Wallace’s conclusion is constitutionally spot-on:The current U.S. Department of Agriculture NAIS program means bigger government, more government intrusion, more regulations, more paperwork, more fees, more taxes and more federal spending. It will only result in less privacy, less freedom, less liberty, and less property and 4th Amendment rights for American citizens. It’s exactly the kind of unconstitutional federal program every American citizen and their elected federal representatives should oppose.
For a time it appeared that the NAIS program was going to be a steamroller crushing the rights of citizens. But courageous individuals standing up to the bureaucrats are demonstrating that activism in the name of liberty and freedom can indeed be effective in putting a stop to the march of big government.
U.S. District Court Judge Orders Suspension of NAIS
On June 4, 2008, the U.S. District Court, District of Columbia, ordered the Department of Agriculture to suspend its plan to identify and document every animal in the U.S. The National Animal Identification System (NAIS) was to have been fully implemented by June 9, 2009. It is now on hold indefinitely. The ruling came as a result of a lawsuit; Mary-Louise Zanoni v. United States Department of Agriculture. Ms. Zanoni, an upstate New York attorney has been a vocal and persistent leader in the fight against the NAIS that opponents believe would lead to more government regulation and less personal freedom. NAIS was never legitimized by Congress. USDA just proceeded to shove it down an unwilling public’s throat, much like President Bush and his Canadian and Mexican cohorts are trying to do with the Security and Prosperity Partnership (North American Union). Several state cattlemen’s associations have also accused USDA of “registering premises without
the consent of the owners, helping themselves to states’ agriculture databases and harassing young 4-H kids. These groups have formally requested leaders of the Senate Committee on Homeland Security and Government Affairs and the House Committee on Oversight and Government Reform to stop NAIS and hold oversight hearings on USDA’s movements.

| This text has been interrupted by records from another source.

Lemma prod_nat_divide p ps : In p ps -> Nat.divide p (prod_nat ps).
Proof.
  induction ps as [|a ps IH]; cbn [In]; [tauto|]. rewrite prod_nat_cons. intros [<-|H].
  - exists (prod_nat ps). lia.
  - destruct (IH H) as [r Hr]. exists (a * r)%nat. rewrite Hr. lia.
Qed.

Lemma prod_nat_pos ps : (forall p, In p ps -> 1 <= p)%nat -> (1 <= prod_nat ps)%nat.
Proof.
  induction ps as [|a ps IH]; intros H; [cbn; lia|]. rewrite prod_nat_cons.
  specialize (IH (fun p Hp => H p (or_intror Hp))). specialize (H a (or_introl eq_refl)). nia.
Qed.

Lemma sieved_translate ps P (i k : pt) :
  sieved ps P (fst i + Z.of_nat (prod_nat ps) * fst k, snd i + Z.of_nat (prod_nat ps) * snd k)%Z
  = sieved ps P i.
Proof.
  unfold sieved. apply forallb_ext_in. intros p Hp. destruct (prod_nat_divide p ps Hp) as [r Hr].
  unfold sieved_by. apply forallb_ext_in. intros x _. unfold pt_divb, pt_add; cbn.
  rewrite Hr, Nat2Z.inj_mul.
  replace (fst i + Z.of_nat r * Z.of_nat p * fst k + fst x)%Z
    with (fst i + fst x + (Z.of_nat r * fst k) * Z.of_nat p)%Z by ring.
  replace (snd i + Z.of_nat r * Z.of_nat p * snd k + snd x)%Z
    with (snd i + snd x + (Z.of_nat r * snd k) * Z.of_nat p)%Z by ring.
  rewrite !divb_add_mul. reflexivity.
Qed.

Lemma sieved_periodic ps P : (1 <= prod_nat ps)%nat -> periodic (prod_nat ps) (sieved ps P).
Proof.
  intros Hm t. set (m := Z.of_nat (prod_nat ps)).
  rewrite <- (sieved_translate ps P (residue m t) (fst t / m, snd t / m)%Z).
  f_equal. destruct t as [t1 t2]; unfold residue; cbn.
  pose proof (Z.div_mod t1 m ltac:(lia)). pose proof (Z.div_mod t2 m ltac:(lia)).
  f_equal; lia.
Qed.

Lemma div_mod_unique_nonneg (m i i' k k' : Z) : (0 <= i < m)%Z -> (0 <= i' < m)%Z ->
  (i + m * k = i' + m * k')%Z -> i = i' /\ k = k'.
Proof.
  intros Hi Hi' E.
  destruct (Z.lt_trichotomy k k') as [H|[H|H]].
  - assert (m * k + m <= m * k')%Z by nia. lia.
  - subst. lia.
  - assert (m * k' + m <= m * k)%Z by nia. lia.
Qed.

Definition mix (m : Z) (ik : pt * pt) : pt :=
  (fst (fst ik) + m * fst (snd ik), snd (fst ik) + m * snd (snd ik))%Z.

Lemma Permutation_residues_mul q m : (1 <= q)%nat -> (1 <= m)%nat ->
  Permutation (map (mix (Z.of_nat m)) (list_prod (residues m) (residues q))) (residues (q * m)).
Proof.
  intros Hq Hm. apply NoDup_Permutation_bis.
  - apply FinFun.Injective_map_NoDup_in; [|apply NoDup_list_prod; apply residues_NoDup].
    intros [[i1 i2] [k1 k2]] [[i1' i2'] [k1' k2']] H H' E.
    apply in_prod_iff in H, H'. destruct H as [Hi Hk], H' as [Hi' Hk'].
    apply residues_In in Hi, Hk, Hi', Hk'. cbn in *. unfold mix in E; cbn in E.
    injection E; intros E2 E1.
    destruct (div_mod_unique_nonneg (Z.of_nat m) i1 i1' k1 k1') as [-> ->]; try lia.
    destruct (div_mod_unique_nonneg (Z.of_nat m) i2 i2' k2 k2') as [-> ->]; try lia.
    reflexivity.
  - rewrite length_map, length_prod, !length_residues. nia.
  - intros y Hy. apply in_map_iff in Hy. destruct Hy as [[[i1 i2] [k1 k2]] [<- H]].
    apply in_prod_iff in H. destruct H as [Hi Hk]. apply residues_In in Hi, Hk. cbn in *.
    apply residues_In. unfold mix; cbn. rewrite Nat2Z.inj_mul. nia.
Qed.

Lemma mod_eq_iff_divb (Q x b : Z) : (1 <= Q)%Z -> (0 <= b < Q)%Z -> divb Q (- b + x) = (x mod Q =? b)%Z.
Proof.
  intros HQ Hb. apply Bool.eq_true_iff_eq. rewrite divb_spec, Z.eqb_eq by lia. split.
  - intros [c Hc]. replace x with (b + c * Q)%Z by lia. rewrite Z_mod_plus_full. apply Z.mod_small; lia.
  - intros E. exists (x / Q)%Z. pose proof (Z.div_mod x Q ltac:(lia)). lia.
Qed.

Lemma sieved_by_opp P q b : (1 <= q)%nat -> In b (residues q) ->
  sieved_by (Z.of_nat q) P (- fst b, - snd b)%Z = negb (memb b (residues_of q P)).
Proof.
  intros Hq Hb. apply residues_In in Hb. destruct b as [b1 b2]; cbn in *.
  unfold sieved_by, pt_divb, pt_add; cbn.
  rewrite (forallb_ext_in _ (fun x => negb (pt_eqb (residue (Z.of_nat q) x) (b1, b2)))).
  - apply Bool.eq_true_iff_eq. rewrite Bool.negb_true_iff, <- Bool.not_true_iff_false, memb_In,
      forallb_forall. unfold residues_of. rewrite nodup_In, in_map_iff. split.
    + intros H [x [Hx Hin]]. specialize (H x Hin). rewrite Hx, pt_eqb_refl in H. discriminate.
    + intros H x Hin. apply Bool.negb_true_iff, Bool.not_true_iff_false. intros E.
      apply pt_eqb_spec in E. eauto.
  - intros x _. rewrite !mod_eq_iff_divb by lia. f_equal.
    unfold residue; cbn. apply Bool.eq_true_iff_eq. rewrite Bool.andb_true_iff, !Z.eqb_eq, pt_eqb_spec.
    split; [intros [-> ->]; reflexivity|intros E; injection E; auto].
Qed.

Lemma count_sieved_by P q : (1 <= q)%nat ->
  count (sieved_by (Z.of_nat q) P) (residues q) = (q * q - card_mod q P)%nat.
Proof.
  intros Hq.
  assert (Hunit : Z.gcd (Z.of_nat q) (-1) = 1%Z)
    by (change (-1)%Z with (- (1))%Z; rewrite Z.gcd_opp_r; apply Z.gcd_1_r).
  rewrite <- (Permutation_count _ _ _ (Permutation_residues_affine q (0%Z, 0%Z) (-1) Hq Hunit)).
  rewrite count_map. cbn.
  rewrite (count_ext _ (fun b => negb (memb b (residues_of q P)))).
  2: { intros b Hb. rewrite <- sieved_by_residue by lia. rewrite <- sieved_by_opp by auto. reflexivity. }
  pose proof (filter_length (fun b => memb b (residues_of q P)) (residues q)) as H.
  fold (count (fun b => memb b (residues_of q P)) (residues q)) in H.
  rewrite count_memb in H.
  - rewrite length_residues in H. rewrite card_mod_residues_of. unfold count. lia.
  - apply residues_NoDup.
  - apply NoDup_nodup.
  - intros y Hy. unfold residues_of in Hy. rewrite nodup_In, in_map_iff in Hy.
    destruct Hy as [x [<- _]]. apply residue_In; auto.
Qed.

Lemma gcd_prod_primes q ps : prime (Z.of_nat q) -> (forall p, In p ps -> prime (Z.of_nat p)) -> ~ In q ps ->
  Z.gcd (Z.of_nat q) (Z.of_nat (prod_nat ps)) = 1%Z.
Proof.
  intros Hq; induction ps as [|p ps IH]; intros Hps Hn.
  - apply Z.gcd_1_r.
  - rewrite prod_nat_cons, Nat2Z.inj_mul. apply Zgcd_1_rel_prime. apply rel_prime_mult.
    + apply prime_rel_prime; auto. intros Hd. apply prime_div_prime in Hd; auto.
      * apply Hn; left; lia.
      * apply Hps; left; auto.
    + apply Zgcd_1_rel_prime. apply IH; [intros; apply Hps; right; auto|intro; apply Hn; right; auto].
Qed.

Lemma count_sieved_residues P ps : NoDup ps -> (forall p, In p ps -> prime (Z.of_nat p)) ->
  count (sieved ps P) (residues (prod_nat ps))
  = fold_right Nat.mul 1%nat (map (fun p => p * p - card_mod p P)%nat ps).
Proof.
  induction ps as [|q ps IH]; intros Hnd Hpr; [reflexivity|].
  inversion Hnd as [|? ? Hq_ps Hnd']; subst.
  assert (Hq : prime (Z.of_nat q)) by (apply Hpr; left; auto).
  assert (Hq1 : (1 <= q)%nat) by (pose proof (prime_ge_2 _ Hq); lia).
  assert (Hps : forall p, In p ps -> prime (Z.of_nat p)) by (intros; apply Hpr; right; auto).
  assert (Hm : (1 <= prod_nat ps)%nat).
  { apply prod_nat_pos. intros p Hp. pose proof (prime_ge_2 _ (Hps p Hp)). lia. }
  set (m := prod_nat ps) in *. rewrite prod_nat_cons. fold m.
  rewrite <- (Permutation_count _ _ _ (Permutation_residues_mul q m Hq1 Hm)).
  rewrite count_map, (@count_list_prod pt pt). cbn [map fold_right].
  rewrite <- IH, <- list_sum_if_const by auto. apply list_sum_ext. intros i _.
  rewrite (count_ext _ (fun k => sieved ps P i &&
      sieved_by (Z.of_nat q) P (residue (Z.of_nat q) (fst i + Z.of_nat m * fst k, snd i + Z.of_nat m * snd k)%Z))).
  2: { intros k _. unfold sieved at 1. cbn [forallb]. fold (sieved ps P).
       rewrite <- sieved_by_residue by lia. unfold m, mix; cbn.
       rewrite <- (sieved_translate ps P i k), Bool.andb_comm. reflexivity. }
  destruct (sieved ps P i); [|apply count_eq_0; reflexivity].
  change (count (fun k => sieved_by (Z.of_nat q) P
    (residue (Z.of_nat q) (fst i + Z.of_nat m * fst k, snd i + Z.of_nat m * snd k)%Z)) (residues q)
    = (q * q - card_mod q P))%nat.
  rewrite <- (count_map (sieved_by (Z.of_nat q) P)).
  rewrite (Permutation_count _ _ _ (Permutation_residues_affine q i (Z.of_nat m) Hq1
                                        (gcd_prod_primes q ps Hq Hps Hq_ps))).
  apply count_sieved_by; auto.
Qed.

(** * Sieved translates that leave V *)

Definition small_primes (M : nat) : list nat := filter primeb (seq 2 M).

Lemma primeb_spec p : primeb p = true <-> prime (Z.of_nat p).
Proof. unfold primeb. destruct (prime_dec (Z.of_nat p)); split; intros; auto; discriminate. Qed.

Lemma small_primes_prime M p : In p (small_primes M) -> prime (Z.of_nat p).
Proof. unfold small_primes. rewrite filter_In. intros [_ H]. apply primeb_spec; auto. Qed.

Lemma small_primes_NoDup M : NoDup (small_primes M).
Proof. apply NoDup_filter, seq_NoDup. Qed.

Lemma prod_small_primes_pos M : (1 <= prod_nat (small_primes M))%nat.
Proof.
  apply prod_nat_pos. intros p Hp. pose proof (prime_ge_2 _ (small_primes_prime M p Hp)). lia.
Qed.

Lemma prime_divisor_exists (n : Z) : (2 <= n)%Z -> exists p, prime p /\ (p | n)%Z /\ (p <= n)%Z.
Proof.
  intros Hn. remember (Z.to_nat n) as k eqn:Hk. revert n Hn Hk.
  induction k as [k IH] using (well_founded_induction lt_wf). intros n Hn Hk.
  destruct (prime_dec n) as [Hp|Hp].
  - exists n. split; auto. split; [apply Z.divide_refl|lia].
  - destruct (not_prime_divide n ltac:(lia) Hp) as [d [Hd Hdn]].
    destruct (IH (Z.to_nat d) ltac:(lia) d ltac:(lia) eq_refl) as [p [Hp' [Hpd Hpb]]].
    exists p. split; auto. split; [eapply Z.divide_trans; eauto|lia].
Qed.

Lemma pt_divb_of_divide_gcd g s : g <> 0%Z -> (g | Z.gcd (fst s) (snd s))%Z -> pt_divb g s = true.
Proof.
  intros Hg H. unfold pt_divb. rewrite Bool.andb_true_iff, !divb_spec by auto.
  split; eapply Z.divide_trans; eauto; [apply Z.gcd_divide_l|apply Z.gcd_divide_r].
Qed.

(* Such a divisor has a prime factor that was sieved out. *)
Lemma sieved_no_small_divisor M P t x g : sieved (small_primes M) P t = true -> In x P ->
  (2 <= g <= Z.of_nat M + 1)%Z -> ~ (g | Z.gcd (fst (pt_add t x)) (snd (pt_add t x)))%Z.
Proof.
  intros Ht Hx Hg Hdiv. destruct (prime_divisor_exists g) as [p [Hp [Hpg Hple]]]; [lia|].
  pose proof (prime_ge_2 _ Hp).
  assert (Hin : In (Z.to_nat p) (small_primes M)).
  { apply filter_In. split; [apply in_seq; lia|apply primeb_spec; rewrite Z2Nat.id by lia; auto]. }
  unfold sieved in Ht. rewrite forallb_forall in Ht. specialize (Ht _ Hin).
  unfold sieved_by in Ht. rewrite forallb_forall in Ht. specialize (Ht x Hx).
  rewrite Z2Nat.id, pt_divb_of_divide_gcd in Ht by (eauto using Z.divide_trans; lia).
  discriminate.
Qed.

Definition l1_radius (P : list pt) : nat :=
  fold_right (fun x acc => Nat.max acc (Z.to_nat (Z.abs (fst x)) + Z.to_nat (Z.abs (snd x)))) 0%nat P.

Lemma l1_radius_bound P x : In x P ->
  (Z.abs (fst x) <= Z.of_nat (l1_radius P) /\ Z.abs (snd x) <= Z.of_nat (l1_radius P))%Z.
Proof.
  induction P as [|y P IH]; [intros []|]. intros Hx.
  change (l1_radius (y :: P))
    with (Nat.max (l1_radius P) (Z.to_nat (Z.abs (fst y)) + Z.to_nat (Z.abs (snd y)))).
  destruct Hx as [<-|H]; [lia|specialize (IH H); lia].
Qed.

Lemma sieved_not_translate_in_V M N P t : In t (disc N) ->
  sieved (small_primes M) P t = true -> translate_in_V P t = false ->
  exists x, In x P /\ (pt_add t x = (0%Z, 0%Z) \/
    exists g, In g (seq (M + 2) (N + l1_radius P)) /\ pt_divb (Z.of_nat g) (pt_add t x) = true).
Proof.
  intros Ht HA Hg. destruct (forallb_false_In _ _ Hg) as [x [Hx Hv]].
  exists x; split; auto. rewrite pt_add_comm in Hv. unfold inV in Hv. apply Z.eqb_neq in Hv.
  destruct (pt_add t x) as [a b] eqn:Es. cbn in Hv.
  destruct (pt_eq_dec (a, b) (0%Z, 0%Z)) as [E|Hnz]; [left; exact E|right].
  assert (Hab : (Z.abs a <= Z.of_nat N + Z.of_nat (l1_radius P) /\
                 Z.abs b <= Z.of_nat N + Z.of_nat (l1_radius P))%Z).
  { pose proof (l1_radius_bound P x Hx). pose proof (disc_coord_bound N t Ht).
    unfold pt_add in Es. injection Es. lia. }
  assert (Hab0 : a <> 0%Z \/ b <> 0%Z)
    by (destruct (Z.eq_dec a 0), (Z.eq_dec b 0); auto; subst; contradiction).
  set (g0 := Z.gcd a b) in *.
  assert (G0 : (0 < g0)%Z).
  { pose proof (Z.gcd_nonneg a b). destruct (Z.eq_dec g0 0) as [E|]; [|lia].
    apply Z.gcd_eq_0 in E. lia. }
  assert (G1 : (g0 <= Z.of_nat N + Z.of_nat (l1_radius P))%Z).
  { destruct Hab0 as [Ha|Hb].
    - pose proof (Zdivide_bounds g0 a (Z.gcd_divide_l a b) Ha). lia.
    - pose proof (Zdivide_bounds g0 b (Z.gcd_divide_r a b) Hb). lia. }
  destruct (Z_le_gt_dec g0 (Z.of_nat M + 1)) as [Hs|Hs].
  - exfalso. apply (sieved_no_small_divisor M P t x g0 HA Hx); [lia|].
    rewrite Es. apply Z.divide_refl.
  - exists (Z.to_nat g0). split; [apply in_seq; lia|].
    apply pt_divb_of_divide_gcd; rewrite Z2Nat.id; try lia. apply Z.divide_refl.
Qed.

Lemma translate_in_V_sieved M P t : translate_in_V P t = true -> sieved (small_primes M) P t = true.
Proof.
  intros H. unfold sieved. apply forallb_forall. intros p Hp. pose proof (small_primes_prime M p Hp) as Hpr.
  pose proof (prime_ge_2 _ Hpr).
  unfold sieved_by. apply forallb_forall. intros x Hx. unfold translate_in_V in H.
  rewrite forallb_forall in H. specialize (H x Hx). unfold inV in H. apply Z.eqb_eq in H.
  apply Bool.negb_true_iff, Bool.not_true_iff_false. intros E.
  unfold pt_divb in E. rewrite Bool.andb_true_iff, !divb_spec in E by lia.
  assert (Hd : (Z.of_nat p | Z.gcd (fst (pt_add x t)) (snd (pt_add x t)))%Z)
    by (rewrite pt_add_comm; apply Z.gcd_greatest; tauto).
  rewrite H in Hd. apply Z.divide_pos_le in Hd; lia.
Qed.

The Farm-to-Consumer Legal Defense Fund filed suit July 14, 2008, in the same federal district court (with the same judge presiding that suspended NAIS in June) to stop USDA and the Michigan Department of Agriculture to cease and desist any further implementation of NAIS. The suit also charges USDA has never published NAIS rules, a violation of the Federal Administrative Procedures Act, has never performed an Environmental Impact Statement or Assessment and is in violation of religious freedoms guaranteed by the Religious Freedom Restoration Act. Increasingly, federal and state
bureaucracies are blatantly trying to force unpalatable programs on citizens without bothering to follow the laws. This victory should be a reminder to the higher-ups that this is a nation of citizens, not subjects.